As Compared to graph 1.3, months like november that had about 37 hours of ligth were expecting about 230 hours of light as would expected from its initial probability and months like July that had about 290 hours of light was expecting about 450 hours of light.

Finally, lets calculate the proportion of expected hours of sun for those years.
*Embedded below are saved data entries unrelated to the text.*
(* Stein's identity for the Poisson law: the summand [quad_dev nu m * poisson_pmf nu m]
   is the increment of [m |-> nu * poisson_pmf nu m * (nu - m)]. *)
Let drift (m : nat) : R := nu * poisson_pmf nu m * (nu - INR m).

Lemma quad_dev_pmf_S n : quad_dev nu (S n) * poisson_pmf nu (S n) = drift (S n) - drift n.
Proof.
  unfold drift, quad_dev. rewrite !poisson_pmf_S, S_INR.
  assert (0 < INR n + 1) by (generalize (pos_INR n); lra).
  field. lra.
Qed.

Lemma trunc_expect_quad_dev_on_le (good : nat -> bool) :
  (forall n, good n = true -> good (S n) = false -> drift n <= 0) ->
  (forall n, good n = false -> good (S n) = true -> 0 <= drift n) ->
  forall N, trunc_expect (fun m => (if good m then 1 else 0) * quad_dev nu m) nu N
            <= if good N then drift N else 0.
Proof.
  intros Hexit Henter. induction N as [|N IH].
  - rewrite trunc_expect_0, Rmult_assoc.
    replace (quad_dev nu 0 * poisson_pmf nu 0) with (drift 0) by (unfold drift, quad_dev; simpl; ring).
    destruct (good 0%nat); lra.
  - rewrite trunc_expect_S, Rmult_assoc, quad_dev_pmf_S.
    destruct (good N) eqn:EN; destruct (good (S N)) eqn:ES.
    + lra.
    + specialize (Hexit N EN ES). lra.
    + specialize (Henter N EN ES). lra.
    + lra.
Qed.

Lemma trunc_expect_window_quad_dev_le A N : 1 <= A -> nu + A <= INR N ->
  trunc_expect (fun m => (if in_window nu A m then 1 else 0) * quad_dev nu m) nu N <= 0.
Proof.
  intros HA HN.
  assert (Hdrift : forall n, 0 <= nu * poisson_pmf nu n)
    by (intros n; apply Rmult_le_pos; [lra | apply poisson_pmf_nonneg; lra]).
  eapply Rle_trans; [apply trunc_expect_quad_dev_on_le|].
  - intros n. unfold in_window. rewrite S_INR.
    destruct (Rlt_dec (Rabs (INR n - nu)) A) as [H1|H1];
      destruct (Rlt_dec (Rabs (INR n + 1 - nu)) A) as [H2|H2]; try discriminate. intros _ _.
    apply Rabs_def2 in H1.
    assert (nu <= INR n) by (destruct (Rcase_abs (INR n + 1 - nu)) as [h|h];
      [rewrite Rabs_left in H2 | rewrite Rabs_right in H2]; lra).
    generalize (Hdrift n). unfold drift. nra.
  - intros n. unfold in_window. rewrite S_INR.
    destruct (Rlt_dec (Rabs (INR n - nu)) A) as [H1|H1];
      destruct (Rlt_dec (Rabs (INR n + 1 - nu)) A) as [H2|H2]; try discriminate. intros _ _.
    apply Rabs_def2 in H2.
    assert (INR n <= nu) by (destruct (Rcase_abs (INR n - nu)) as [h|h];
      [| rewrite Rabs_right in H1]; lra).
    generalize (Hdrift n). unfold drift. nra.
  - unfold in_window. destruct Rlt_dec as [H|]; [apply Rabs_def2 in H; lra | lra].
Qed.

Lemma trunc_expect_quad_dev_sq N : trunc_expect (fun m => quad_dev nu m ^ 2) nu N
  = 2 * nu ^ 2 * trunc_expect (fun _ => 1) nu N
    - nu * poisson_pmf nu N * ((INR N - nu) ^ 3 + INR N * (INR N - nu) + 2 * nu).
Proof.
  induction N as [|N IH].
  - rewrite !trunc_expect_0. unfold quad_dev. simpl. ring.
  - rewrite !trunc_expect_S, IH, !poisson_pmf_S. unfold quad_dev. rewrite S_INR.
    assert (0 < INR N + 1) by (generalize (pos_INR N); lra).
    field. lra.
Qed.

Lemma trunc_expect_quad_dev_sq_le N : nu <= INR N ->
  trunc_expect (fun m => quad_dev nu m ^ 2) nu N <= 2 * nu ^ 2.
Proof.
  intros HN. rewrite trunc_expect_quad_dev_sq.
  assert (0 <= (INR N - nu) ^ 3 + INR N * (INR N - nu) + 2 * nu)
    by (generalize (pow_le (INR N - nu) 3 ltac:(lra)) (pos_INR N); nra).
  assert (0 <= nu * poisson_pmf nu N)
    by (apply Rmult_le_pos; [lra | apply poisson_pmf_nonneg; lra]).
  generalize (trunc_expect_one_le nu ltac:(lra) N) (pow2_ge_0 nu).
  nra.
Qed.

End QuadDev.

Definition window_exp (nu A lam : R) (m : nat) : R :=
  if in_window nu A m then exp (lam * quad_dev nu m) else 0.

Lemma window_exp_nonneg nu A lam m : 0 <= window_exp nu A lam m.
Proof. unfold window_exp. destruct in_window; [left; apply exp_pos | lra]. Qed.

Lemma trunc_expect_window_exp_le nu A lam N :
  0 < nu -> 1 <= A -> 0 <= lam -> lam * A ^ 2 <= 16/10 ->
  trunc_expect (window_exp nu A lam) nu N <= 1 + 2 * (249/100) * lam ^ 2 * nu ^ 2.
Proof.
  intros Hnu HA Hlam HlamA.
  (* Truncating beyond the window gives the boundary terms of the two moment identities the
     right sign. *)
  destruct (INR_unbounded (nu + A + INR N)) as [N' HN'].
  assert (HNN' : (N <= N')%nat) by (apply INR_le; generalize (pos_INR N); lra).
  assert (HN'big : nu + A <= INR N') by (generalize (pos_INR N); lra).
  eapply Rle_trans; [apply trunc_expect_mono; [lra | apply window_exp_nonneg | exact HNN']|].
  set (ind := fun m => if in_window nu A m then 1 else 0).
  assert (Hpt : forall m, window_exp nu A lam m
     <= ind m + lam * (ind m * quad_dev nu m) + 249/100 * lam ^ 2 * quad_dev nu m ^ 2).
  { intros m. unfold window_exp, ind. destruct in_window eqn:Hm.
    - assert (quad_dev nu m < A ^ 2) by (apply quad_dev_lt; auto).
      eapply Rle_trans; [apply exp_le_quadratic; nra | right; ring].
    - generalize (pow2_ge_0 lam) (pow2_ge_0 (quad_dev nu m)). nra. }
  eapply Rle_trans; [apply trunc_expect_le; [lra | exact Hpt]|].
  rewrite !trunc_expect_add, !trunc_expect_scal.
  assert (trunc_expect ind nu N' <= 1).
  { eapply Rle_trans; [| apply (trunc_expect_one_le nu ltac:(lra) N')].
    apply trunc_expect_le; [lra|]. intros m; unfold ind; destruct in_window; lra. }
  generalize (trunc_expect_window_quad_dev_le nu Hnu A N' HA ltac:(lra))
    (trunc_expect_quad_dev_sq_le nu Hnu N' ltac:(lra)) (pow2_ge_0 lam).
  unfold ind in *. nra.
Qed.
(* Let $\mathcal{O}$ be an order in a number field $K$, let $\mathfrak{d}\subseteq\mathfrak{m}\subseteq\mathcal{O}$ be nonzero integral ideals, and let $\Sigma$ be any (possibly empty) set of real places of $K$. Then the inclusion $J^*_{\mathfrak{d}}(\mathcal{O})\subseteq J^*_{\mathfrak{m}}(\mathcal{O})$ induces an isomorphism $$\mathrm{Cl}_{\mathfrak{m},\Sigma}(\mathcal{O})=\frac{J^*_{\mathfrak{d}}(\mathcal{O})}{P^{\mathfrak{d}}_{\mathfrak{m},\Sigma}(\mathcal{O})}.$$
   Context: An order is a subring of $K$ containing $1$, free of rank $[K:\mathbb Q]$ over $\mathbb Z$. A fractional $\mathcal O$-ideal is an $\mathcal O$-submodule $\mathfrak a\subseteq K$ with $\lambda\mathfrak a\subseteq\mathcal O$ for some $\lambda\in K^\times$, invertible if $\mathfrak a\mathfrak b=\mathcal O$ for some fractional $\mathfrak b$; it is coprime to an integral ideal $\mathfrak c$ if $\mathfrak a=(\mathfrak a_1:\mathfrak b_1)=\{x\in K:x\mathfrak b_1\subseteq\mathfrak a_1\}$ with $\mathfrak a_1$ integral, $\mathfrak b_1$ invertible integral, both coprime to $\mathfrak c$ (sum equal to $\mathcal O$). $J^*_{\mathfrak c}(\mathcal O)$ is the group of invertible fractional ideals coprime to $\mathfrak c$. For $\alpha\in K$, $\alpha\equiv1\pmod{\mathfrak m}$ means $\alpha-1\in\mathfrak m\mathcal O[S_{\mathfrak m}^{-1}]$, $S_{\mathfrak m}=\{a\in\mathcal O:a\mathcal O+\mathfrak m=\mathcal O\}$. $P_{\mathfrak m,\Sigma}(\mathcal O)=\{\alpha\mathcal O:\alpha\in K^\times,\alpha\equiv1\pmod{\mathfrak m},\rho(\alpha)>0\ \forall\rho\in\Sigma\}$, $\mathrm{Cl}_{\mathfrak m,\Sigma}(\mathcal O)=J^*_{\mathfrak m}(\mathcal O)/P_{\mathfrak m,\Sigma}(\mathcal O)$, and $P^{\mathfrak d}_{\mathfrak m,\Sigma}(\mathcal O)$ is the subgroup of those $\alpha\mathcal O\in P_{\mathfrak m,\Sigma}(\mathcal O)$ with $\alpha\mathcal O$ coprime to $\mathfrak d$. *)

(* number field K = finite-dimensional field extension of rat. *)
From HB Require Import structures.
From mathcomp Require Import all_boot all_order all_algebra all_field.
From mathcomp Require Import reals.
Set Implicit Arguments. Unset Strict Implicit. Unset Printing Implicit Defensive.
Import Order.TTheory GRing.Theory Num.Theory.
Local Open Scope ring_scope.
(sum(as.numeric(nyc_clFinal$`Mean monthly sunshine hours`)))/(sum(as.numeric(nyc_clFinal$expected_hours)))*100

## [1] 52.16012

As shown in the calculations, about the doble of sun light of what we received was expected.

Conclusion

In conclusion, we can visually reaffirm that months that receive less light tent to be coldest whereas the . months that receive more light are the hotter. On the other hand, the probabilities of having or not having long hours of light accross the years where uniform; however, as compared to the expected hours of light, we were supposed to receive at least the double of sun light. One idea the comes to my mind is that one of the reasons for this beyond simple chance, is the effect of globlal warming as product of gasses released in the atmosphere which blocks the percentage of sun light we are supposed to receive.